Exercise instructions:
Each line from the one that contains "forall W : 'I_(pn P) -> R, inboxl P l W ->" through the end of the entries should be repeated exactly, with nothing added.

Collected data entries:
◇ ◇ ◇ ◇ ◇

Lemma Li_consensus_descent {R : realFieldType} (P : problem R)
    (X1 : 'I_(pN P) -> 'I_(pn P) -> R) (Z1 Z0 : 'I_(pn P) -> R)
    (Y mu : forall i, Yfam P i) (tau : R) :
  inbox P Z1 -> inbox P Z0 ->
  (forall W, inbox P W ->
    \sum_(i < pN P) (LiZ P i (X1 i) Z1 (Y i) (mu i) + tau / 2 * sqn (vsub Z1 Z0))
    <= \sum_(i < pN P) (LiZ P i (X1 i) W (Y i) (mu i) + tau / 2 * sqn (vsub W Z0))) ->
  \sum_(i < pN P) (tau + rho P i) * sqn (vsub Z1 Z0)
  <= \sum_(i < pN P) (Li P i (X1 i) Z0 (Y i) (mu i) - Li P i (X1 i) Z1 (Y i) (mu i)).
Proof.
move=> Z1_in Z0_in Z1_opt.
set S := sqn (vsub Z1 Z0).
set A := \sum_(i < pN P) LiZ_slope P i (X1 i) Z1 Z0 (Y i) (mu i).
set Q := \sum_(i < pN P) rho P i * S.
have sum_const (u : R) : \sum_(i < pN P) u = u * (pN P)%:R.
  by rewrite sumr_const card_ord mulr_natr.
have slope_ge : tau * (pN P)%:R * S <= A.
  apply: (@prox_slope_ge _ _ Q) => t t_gt0 t_le1.
  have seg_in : inbox P (fun j => Z1 j + t * (Z0 j - Z1 j)).
    by move=> j; apply: segment_in_itv; [exact: Z1_in | exact: Z0_in | rewrite t_le1 ltW].
  have := Z1_opt _ seg_in.
  have -> : sqn (vsub (fun j => Z1 j + t * (Z0 j - Z1 j)) Z0) = (1 - t) ^+ 2 * S.
    by rewrite /S /sqn mulr_sumr; apply: eq_bigr => j _; rewrite /vsub; ring.
  under [X in _ <= X]eq_bigr => i _ do rewrite LiZ_segment.
  rewrite !big_split /= !sum_const -!mulr_sumr -/A -/Q -/S.
  lra.
rewrite (eq_bigr (fun i => tau * S + rho P i * S)) => [|i _]; last by ring.
rewrite [X in _ <= X](eq_bigr (fun i => LiZ_slope P i (X1 i) Z1 Z0 (Y i) (mu i) + rho P i * S))
  => [|i _]; last by rewrite Li_sub_LiZ (LiZ_endpoint P i (X1 i) Z1 Z0) -/S; lra.
rewrite big_split [X in _ <= X]big_split /= sum_const -/A -/Q.
lra.
Qed.

Lemma sum_descent {R : realFieldType} (L a : nat -> R) (K : nat) :
  (forall k, L k.+1 + a k <= L k) -> L K + \sum_(k < K) a k <= L 0%N.
Proof.
move=> step; elim: K => [|K IH]; first by rewrite big_ord0 addr0.
by rewrite big_ord_recr /=; have := step K; lra.
Qed.

Section Iterates.
Context {R : realFieldType}.
Variable P : problem R.
Variables (X : nat -> 'I_(pN P) -> 'I_(pn P) -> R) (Z : nat -> 'I_(pn P) -> R)
  (Y mu : nat -> forall i : 'I_(pN P), Yfam P i)
  (sigma1 sigma2 : nat -> 'I_(pN P) -> 'I_(pM P) -> R) (tau : nat -> R)
  (gamma : nat -> 'I_(pN P) -> ctype -> R).
Hypothesis X0_in : forall i, inbox P (X 0%N i).
Hypothesis Z0_in : inbox P (Z 0%N).
Hypothesis Y0_in : forall i c, inYbox P i c (Y 0%N i c).
Hypothesis X_opt : forall k i l,
  inboxl P l (X k.+1 i) /\
  forall W : 'I_(pn P) -> R, inboxl P l W ->
    objX P X Z Y mu sigma1 sigma2 k i l (bupd P (gs_lt P (X k.+1 i) (X k i) l) l (X k.+1 i))
    <= objX P X Z Y mu sigma1 sigma2 k i l (bupd P (gs_lt P (X k.+1 i) (X k i) l) l W).
Hypothesis Z_opt : forall k, inbox P (Z k.+1) /\
  forall W : 'I_(pn P) -> R, inbox P W ->
    objZ P X Z Y mu tau k (Z k.+1) <= objZ P X Z Y mu tau k W.
Hypothesis Y_opt : forall k i c, inYbox P i c (Y k.+1 i c) /\
  forall y : 'I_(dimc P i c) -> R, inYbox P i c y ->
    objY P X Z Y mu gamma k i c (Y k.+1 i c) <= objY P X Z Y mu gamma k i c y.
Hypothesis mu_step : forall k i c j,
  mu k.+1 i c j = mu k i c j - alph P X Z Y mu k.+1 i c j * rk P X Z Y k.+1 i c j.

◇ ◇ ◇ ◇ ◇

Exercise result:
  forall W : 'I_(pn P) -> R, inboxl P l W ->
    objX P X Z Y mu sigma1 sigma2 k i l (bupd P (gs_lt P (X k.+1 i) (X k i) l) l (X k.+1 i))
    <= objX P X Z Y mu sigma1 sigma2 k i l (bupd P (gs_lt P (X k.+1 i) (X k i) l) l W).
Hypothesis Z_opt : forall k, inbox P (Z k.+1) /\
  forall W : 'I_(pn P) -> R, inbox P W ->
    objZ P X Z Y mu tau k (Z k.+1) <= objZ P X Z Y mu tau k W.
Hypothesis Y_opt : forall k i c, inYbox P i c (Y k.+1 i c) /\
  forall y : 'I_(dimc P i c) -> R, inYbox P i c y ->
    objY P X Z Y mu gamma k i c (Y k.+1 i c) <= objY P X Z Y mu gamma k i c y.
Hypothesis mu_step : forall k i c j,
  mu k.+1 i c j = mu k i c j - alph P X Z Y mu k.+1 i c j * rk P X Z Y k.+1 i c j.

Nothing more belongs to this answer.